«Grand Theft Hamlet»: Shakespeare, des «chars» et des fusils

Une image du documentaire «Grand Theft Hamlet», de Sam Crane et Pinny Grylls
Photo: MUBI Une image du documentaire «Grand Theft Hamlet», de Sam Crane et Pinny Grylls

Pendant la pandémie, Sam Crane et Mark Oosterveen, deux acteurs anglais au chômage, vivent difficilement l’isolement lié au confinement. Cela, à l’instar de la majorité de la population mondiale. Afin de s’évader, Crane et Oosterveen s’inscrivent au célèbre jeu en ligne Grand Theft Auto (GTA). Un jour qu’ils fuient des poursuivants dans le très élaboré décor virtuel, ils repèrent un amphithéâtre abandonné. Les deux hommes ont alors l’idée folle d’y monter un Hamlet, à même le jeu vidéo. Grand Theft Hamlet, un documentaire campé exclusivement dans ledit environnement numérique, offre une fascinante incursion dans un projet artistique inusité.

Pour les néophytes, l’une des principales caractéristiques de GTA est que les joueurs, qui prennent l’apparence d’un avatar de leur choix, ont énormément de latitude quant à leurs actions.

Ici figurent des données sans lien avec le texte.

(* Let $\mathcal{D}$ be a $\{K_3,K_4\}$-decomposition of $K_{18}$ with $\alpha=13$, let $W$ be the set of vertices $x$ with $\alpha_x\ge 2$, and for $i\in\{0,1,2,3\}$ let $t_i$ be the number of copies of $K_3$ in $\mathcal{D}$ having exactly $i$ vertices in $W$. Then $(t_0,t_1,t_2,t_3)\neq(0,3,5,5)$.
   Context: A $\{K_3,K_4\}$-decomposition of $K_v$ is a collection of subgraphs, each isomorphic to $K_3$ or $K_4$, such that every edge of $K_v$ lies in exactly one of them. $\alpha$ is the number of copies of $K_3$ in the decomposition, and for a vertex $x$, $\alpha_x$ is the number of copies of $K_3$ in the decomposition containing $x$. *)

From mathcomp Require Import all_boot.
Set Implicit Arguments. Unset Strict Implicit. Unset Printing Implicit Defensive.

(* A {K3,K4}-decomposition of K_v: vertex set 'I_v; each copy of K3/K4 is
   represented by its vertex set (a block of size 3 or 4); the list of blocks
   must cover each edge {x,y} (x <> y) of K_v exactly once. *)
Definition K34_decomposition (v : nat) (D : seq {set 'I_v}) : Prop :=
  (forall B, B \in D -> (#|B| == 3) || (#|B| == 4)) /\
  (forall x y : 'I_v, x != y -> count (fun B : {set 'I_v} => (x \in B) && (y \in B)) D = 1).

Definition alpha (v : nat) (D : seq {set 'I_v}) : nat :=
  count (fun B : {set 'I_v} => #|B| == 3) D.

Definition alpha_at (v : nat) (D : seq {set 'I_v}) (x : 'I_v) : nat :=
  count (fun B : {set 'I_v} => (#|B| == 3) && (x \in B)) D.

Definition Wset (v : nat) (D : seq {set 'I_v}) : {set 'I_v} :=
  [set x | 2 <= alpha_at D x].

Definition t_count (v : nat) (D : seq {set 'I_v}) (i : nat) : nat :=
  count (fun B : {set 'I_v} => (#|B| == 3) && (#|B :&: Wset D| == i)) D.

From mathcomp Require Import all_boot.
From mathcomp Require Import zify.

Set Implicit Arguments.
Unset Strict Implicit.

(* Counting the edges of K_18 gives 19 copies of K4, and counting the edges at
   a vertex x gives 2 alpha_x + 3 beta_x = 17, where beta_x counts the copies
   of K4 at x; as 3 does not divide 17, alpha_x >= 1, so alpha_x = 1 off W.
   With the given t_i the triangles meet W in 28 incidences, and
   3 alpha = 39 = 28 + (18 - |W|) forces |W| = 7.  Summing the vertex equation
   over W shows that the copies of K4 meet W in 21 incidences, while counting
   the 42 ordered pairs of vertices of W leaves only 2 of them to the copies
   of K4.  But k (k - 1) >= 2 k - 2, so 19 blocks with sum of |B :&: W| equal
   to 21 carry at least 2 * 21 - 2 * 19 = 4 ordered pairs inside W. *)

Section DoubleCounting.

Variables (T : finType) (D : seq {set T}).

Lemma sum_mem_setI (S B : {set T}) : \sum_(x in S) (x \in B) = #|B :&: S|.
Proof.
rewrite -sum1_card big_mkcond [RHS]big_mkcond /=.
by apply: eq_bigr => x _; rewrite inE; case: (x \in B); case: (x \in S).
Qed.

Lemma sum_count_mem (P : pred {set T}) (S : {set T}) :
  \sum_(x in S) count (fun B : {set T} => P B && (x \in B)) D
  = \sum_(B <- D | P B) #|B :&: S|.
Proof.
elim: D => [|B D' IH]; first by rewrite big_nil big1.
rewrite big_cons /= big_split IH /=.
by case: (P B) => /=; [rewrite sum_mem_setI | rewrite big1].
Qed.

Lemma sum_mem_count (P : pred {set T}) (x : T) :
  \sum_(B <- D | P B) (x \in B) = count (fun B => P B && (x \in B)) D.
Proof.
by elim: D => [|B D' IH]; rewrite ?big_nil ?big_cons //= IH; case: (P B).
Qed.

Lemma sum_count_pairs_at (S : {set T}) (x : T) : x \in S ->
  \sum_(y in S | y != x) count (fun B : {set T} => (x \in B) && (y \in B)) D
  = \sum_(B <- D) (x \in B) * #|B :&: S|.-1.
Proof.
move=> xS; elim: D => [|B D' IH]; first by rewrite big_nil big1.
rewrite big_cons /= big_split IH /=; congr (_ + _).
case xB: (x \in B) => /=; last by rewrite big1.
by rewrite mul1n -sum_mem_setI [in RHS](bigD1 x) //= xB.
Qed.

Lemma sum_count_pairs (S : {set T}) :
  \sum_(x in S) \sum_(y in S | y != x) count (fun B : {set T} => (x \in B) && (y \in B)) D
  = \sum_(B <- D) #|B :&: S| * #|B :&: S|.-1.
Proof.
rewrite (eq_bigr _ (@sum_count_pairs_at S)).
rewrite exchange_big /=; apply: eq_bigr => B _.
by rewrite -big_distrl /= sum_mem_setI.
Qed.

Hypothesis pair_once :
  forall x y : T, x != y -> count (fun B : {set T} => (x \in B) && (y \in B)) D = 1.

Lemma sum_count_pairs_once (S : {set T}) (x : T) : x \in S ->
  \sum_(y in S | y != x) count (fun B : {set T} => (x \in B) && (y \in B)) D = #|S|.-1.
Proof.
move=> xS; rewrite (eq_bigr (fun _ => 1)); last first.
  by move=> y /andP[_ yx]; apply: pair_once; rewrite eq_sym.
rewrite sum1_card (cardsD1 x S) xS add1n /=.
by apply: eq_card => y; rewrite !inE andbC.
Qed.

Lemma pairs_in_blocks (S : {set T}) :
  \sum_(B <- D) #|B :&: S| * #|B :&: S|.-1 = #|S| * #|S|.-1.
Proof.
rewrite -sum_count_pairs -sum_nat_const.
by apply: eq_bigr => x xS; rewrite sum_count_pairs_once.
Qed.

End DoubleCounting.

Definition k4_at (v : nat) (D : seq {set 'I_v}) (x : 'I_v) : nat :=
  count (fun B : {set 'I_v} => (#|B| == 4) && (x \in B)) D.

Section Triangles.

Variables (v : nat) (D : seq {set 'I_v}).

Lemma sum_triangles_by_t_count (f : nat -> nat) :
  \sum_(B <- D | #|B| == 3) f #|B :&: Wset D|
  = f 0 * t_count D 0 + f 1 * t_count D 1 + f 2 * t_count D 2 + f 3 * t_count D 3.
Proof.
rewrite /t_count; move: (Wset D) => W.
elim: D => [|B D' IH]; first by rewrite big_nil /=; lia.
rewrite big_cons /= IH; case B3: (#|B| == 3) => /=; last by lia.
have : #|B :&: W| <= 3 by rewrite -(eqP B3) subset_leq_card ?subsetIl.
by case: #|B :&: W| => [|[|[|[|k]]]] //= _; lia.
Qed.

Lemma sum_alpha_at_Wset :
  \sum_(x in Wset D) alpha_at D x = t_count D 1 + 2 * t_count D 2 + 3 * t_count D 3.
Proof.
rewrite /alpha_at (sum_count_mem D (fun B => #|B| == 3)).
by rewrite (sum_triangles_by_t_count id) /=; lia.
Qed.

Lemma sum_alpha_at : \sum_(x in [set: 'I_v]) alpha_at D x = 3 * alpha D.
Proof.
rewrite /alpha_at (sum_count_mem D (fun B => #|B| == 3)).
rewrite (eq_bigr (fun _ => 3)) => [|B /eqP B3]; last by rewrite setIT B3.
by rewrite big_const_seq iter_addn_0.
Qed.

End Triangles.

Section Decomposition.

Variables (v : nat) (D : seq {set 'I_v}).
Hypothesis decD : K34_decomposition D.

Lemma sum_blocks_by_size (F : {set 'I_v} -> nat) :
  \sum_(B <- D) F B
  = \sum_(B <- D | #|B| == 3) F B + \sum_(B <- D | #|B| == 4) F B.
Proof.
case: decD => + _; elim: D => [|B D' IH] sizeD; first by rewrite !big_nil.
rewrite !big_cons IH => [|C DC]; last by apply: sizeD; rewrite inE DC orbT.
by case/orP: (sizeD B (mem_head _ _)) => /eqP -> /=; lia.
Qed.

Lemma block_count :
  6 * alpha D + 12 * count (fun B : {set 'I_v} => #|B| == 4) D = v * v.-1.
Proof.
have := pairs_in_blocks decD.2 setT.
rewrite sum_blocks_by_size cardsT card_ord => <-.
rewrite (eq_bigr (fun _ => 6)) => [|B /eqP B3]; last by rewrite setIT B3 mulnC.
rewrite [X in _ = _ + X](eq_bigr (fun _ => 12)) => [|B /eqP B4];
  last by rewrite setIT B4.
by rewrite !big_const_seq !iter_addn_0 /alpha; lia.
Qed.

Lemma vertex_degree (x : 'I_v) : 2 * alpha_at D x + 3 * k4_at D x = v.-1.
Proof.
rewrite -[v in RHS]card_ord -cardsT -(sum_count_pairs_once decD.2 (in_setT x)).
rewrite sum_count_pairs_at ?inE // sum_blocks_by_size.
rewrite (eq_bigr (fun B : {set 'I_v} => 2 * (x \in B))) => [|B /eqP B3]; last first.
  by rewrite setIT B3 mulnC.
rewrite [X in _ = _ + X](eq_bigr (fun B : {set 'I_v} => 3 * (x \in B))) => [|B /eqP B4];
  last by rewrite setIT B4 mulnC.
by rewrite -!big_distrr /= !sum_mem_count.
Qed.

Lemma alpha_at_gt0 (x : 'I_v) : ~~ (3 %| v.-1) -> 0 < alpha_at D x.
Proof.
rewrite -(vertex_degree x) lt0n; apply: contra => /eqP ->.
by rewrite muln0 add0n dvdn_mulr.
Qed.

Lemma alpha_by_Wset : ~~ (3 %| v.-1) ->
  3 * alpha D = \sum_(x in Wset D) alpha_at D x + #|~: Wset D|.
Proof.
move=> v1; rewrite -sum_alpha_at (big_setID (Wset D)) setTI setTD -sum1_card.
congr (_ + _); apply: eq_bigr => x; rewrite !inE -ltnNge ltnS => le1.
by apply/eqP; rewrite eqn_leq le1 alpha_at_gt0.
Qed.

Lemma sum_k4_meet (S : {set 'I_v}) :
  2 * \sum_(x in S) alpha_at D x + 3 * \sum_(B <- D | #|B| == 4) #|B :&: S|
  = #|S| * v.-1.
Proof.
rewrite -(sum_count_mem D (fun B => #|B| == 4)) -sum_nat_const.
rewrite !big_distrr -big_split /=; apply: eq_bigr => x _.
exact: vertex_degree.
Qed.

End Decomposition.

Theorem mainTheorem13 (D : seq {set 'I_18}) :
  K34_decomposition D -> alpha D = 13 ->
  (t_count D 0, t_count D 1, t_count D 2, t_count D 3) <> (0, 3, 5, 5).
Proof.
move=> decD alpha13 [t0 t1 t2 t3].
have k4_19 : count (fun B : {set 'I_18} => #|B| == 4) D = 19.
  by have := block_count decD; rewrite alpha13; lia.
have sumW : \sum_(x in Wset D) alpha_at D x = 28.
  by rewrite sum_alpha_at_Wset t1 t2 t3.
have W7 : #|Wset D| = 7.
  by have := alpha_by_Wset decD isT; rewrite alpha13 sumW cardsCs setCK card_ord; lia.
have meet21 : \sum_(B <- D | #|B| == 4) #|B :&: Wset D| = 21.
  by have := sum_k4_meet decD (Wset D); rewrite sumW W7; lia.
have pairs2 : \sum_(B <- D | #|B| == 4) #|B :&: Wset D| * #|B :&: Wset D|.-1 = 2.
  have := pairs_in_blocks decD.2 (Wset D).
  rewrite (sum_blocks_by_size decD) (sum_triangles_by_t_count D (fun k => k * k.-1)).
  by rewrite t0 t1 t2 t3 W7 /= => h; apply/eqP; rewrite -(eqn_add2l 40) h.
have : 2 * \sum_(B <- D | #|B| == 4) #|B :&: Wset D|
       <= \sum_(B <- D | #|B| == 4) #|B :&: Wset D| * #|B :&: Wset D|.-1
          + 2 * count (fun B : {set 'I_18} => #|B| == 4) D.
  rewrite big_distrr -iter_addn_0 -big_const_seq -big_split /=.
  by apply: leq_sum => B _; nia.
by rewrite meet21 pairs2 k4_19.
Qed.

En témoigne cet intertitre, qui ouvre Grand Theft Hamlet : « Ce film a été entièrement tourné dans le jeu Grand Theft Auto Online, un monde virtuel violent et beau où presque tout est possible… »

D’où le fait qu’en théorie, les desseins théâtraux de Sam Crane et de Mark Oosterveen sont tout à fait possibles. En pratique toutefois, cela s’avère extrêmement laborieux. Aussi, Crane et Oosterveen sollicitent-ils rapidement le concours de Pinny Grylls, la conjointe documentariste du premier, qui coréalise avec lui.

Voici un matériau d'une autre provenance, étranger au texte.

End FillOffBase.

End Coordinates.

Arguments cube_proj {n} S x.
Arguments cube_fill {n} S c w.

Definition diff_coords n (a b : cube n) : {set 'I_n} := [set j | a j != b j].

Section DiffCoords.

Variables (n : nat) (a b : cube n).
Hypothesis ab : cle a b.
Let S := diff_coords a b.

Lemma diff_coords_lo (t : 'I_#|S|) : a (sub_coord t) = false.
Proof.
have := enum_valP t; rewrite inE; move/cleP: ab => /(_ (enum_val t)).
by rewrite /sub_coord; case: (a _) (b _) => [] [] // /(_ isT).
Qed.

Lemma diff_coords_hi (t : 'I_#|S|) : b (sub_coord t) = true.
Proof.
have := enum_valP t; rewrite inE; move/cleP: ab => /(_ (enum_val t)).
by rewrite /sub_coord; case: (a _) (b _) => [] [] // /(_ isT).
Qed.

Lemma cube_fill_projK y : cle a y -> cle y b -> cube_fill S a (cube_proj S y) = y.
Proof.
move=> /cleP ay /cleP yb; apply/ffunP => j; have [/sub_coord_onto[t <-] | jS] := boolP (j \in S).
  by rewrite cube_fill_coord diff_coords_lo ffunE.
rewrite cube_fill_out //; move: jS; rewrite inE negbK => /eqP abj.
by apply/idP/idP => [/ay | /yb]; rewrite ?abj.
Qed.

Lemma cube_fill_diff_coords w : cle a (cube_fill S a w) && cle (cube_fill S a w) b.
Proof.
rewrite cube_fill_ge cube_fill_le //.
by apply/cleP => t _; rewrite ffunE diff_coords_hi.
Qed.

Lemma cube_proj_fill_diff_coords w : cube_proj S (cube_fill S a w) = w.
Proof. by apply: cube_proj_fill; apply/cleP => t; rewrite ffunE diff_coords_lo. Qed.

End DiffCoords.

Lemma box_mor_factor m n (f : cube m -> cube n) : box_mor f ->
  exists k (p : cube m -> cube k) (i : cube k -> cube n),
    (box_mor p /\ surj p) /\ (box_mor i /\ injective i) /\ forall x, f x = i (p x).
Proof.
move=> bf; have [a [b [ab Ef]]] := bf.2 _ _ (cle_top (cube_bot m)).
have f_range x : cle a (f x) && cle (f x) b.
  by rewrite -in_interval -Ef imset_f // in_interval cle_bot cle_top.
pose S := diff_coords a b.
exists #|S|, (fun x => cube_proj S (f x)), (cube_fill S a).
split; [split | split; [split |]].
- exact: box_mor_comp bf (cube_proj_box_mor _).
- move=> w; have : cube_fill S a w \in f @: interval (cube_bot m) (cube_top m).
    by rewrite Ef in_interval cube_fill_diff_coords.
  by case/imsetP => x _ fx; exists x; rewrite -fx cube_proj_fill_diff_coords.
- exact/cube_fill_box_mor/diff_coords_lo.
- exact/cube_fill_inj/diff_coords_lo.
- by move=> x; have /andP[ax xb] := f_range x; rewrite cube_fill_projK.
Qed.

En l’occurrence, beaucoup d’humour émane des imprévus et contretemps encourus. Par exemple, lorsque Crane et Oosterveen passent en audition divers joueurs, il arrive que certains fassent une erreur de manipulation et trépassent inopinément. Et il faut voir Crane et Oosterveen, ou enfin leurs avatars, déclamer en anglais élisabéthain tout en tâchant d’éviter les tirs de fusil en provenance de l’assistance : un baptême du feu aussi trépidant que désopilant.

On se remémore alors cet échange initial : « Ça va être difficile : les gens sont violents dans le jeu, par définition », lance Crane. Ce à quoi Oosterveen répond : « Hamlet, c’est violent : tout le monde meurt. »

Quelque chose d’inédit

Quoi qu’il en soit, dans l’adversité et les complications, les compagnons tiennent bon, chacun de son côté. D’ailleurs, tout du long, on ressent le poids de la solitude liée au confinement. Sans que ce soit explicité, il est clair que ce projet-là les tient en vie. Et pas qu’eux, en fin de compte.

En effet, en cours d’aventure, il arrive que les participants se livrent de manière poignante, y compris lors d’une « scène de la vie conjugale » virtuelle. Le contraste entre l’anonymat que confèrent les avatars et la teneur complètement désinhibée des confidences est saisissant.

On le sait, Hamlet a été monté de toutes sortes de façons, et en toutes sortes de contextes, au fil des siècles. Rien qu’au cinéma, Hamlet a inspiré une kyrielle de versions : adaptations fidèles (celles de Laurence Olivier, de Tony Richardson, de Franco Zeffirelli…), transpositions plus ou moins modernes (celles de Kenneth Branagh, de Michael Almereyda), voire animées (The Lion King/Le Roi lion)…

Pourtant, Sam Crane, Mark Oosterveen et Pinny Grylls ont réussi à concevoir une proposition entièrement inédite, entre pulsion de survie et expérimentation.

Outre qu’il rappelle la puissance pérenne de ce qui demeure, à raison, la plus connue des pièces de Shakespeare, Grand Theft Hamlet célèbre le pouvoir infini de l’imagination.

Grand Theft Hamlet (V.O.)

★★★★ 1/2

Documentaire de Sam Crane, Pinny Grylls. Scénario de Sam Crane, Pinny Grylls, en collaboration avec Mark Oosterveen. Royaume-Uni, 2024, 89 minutes. Sur Mubi.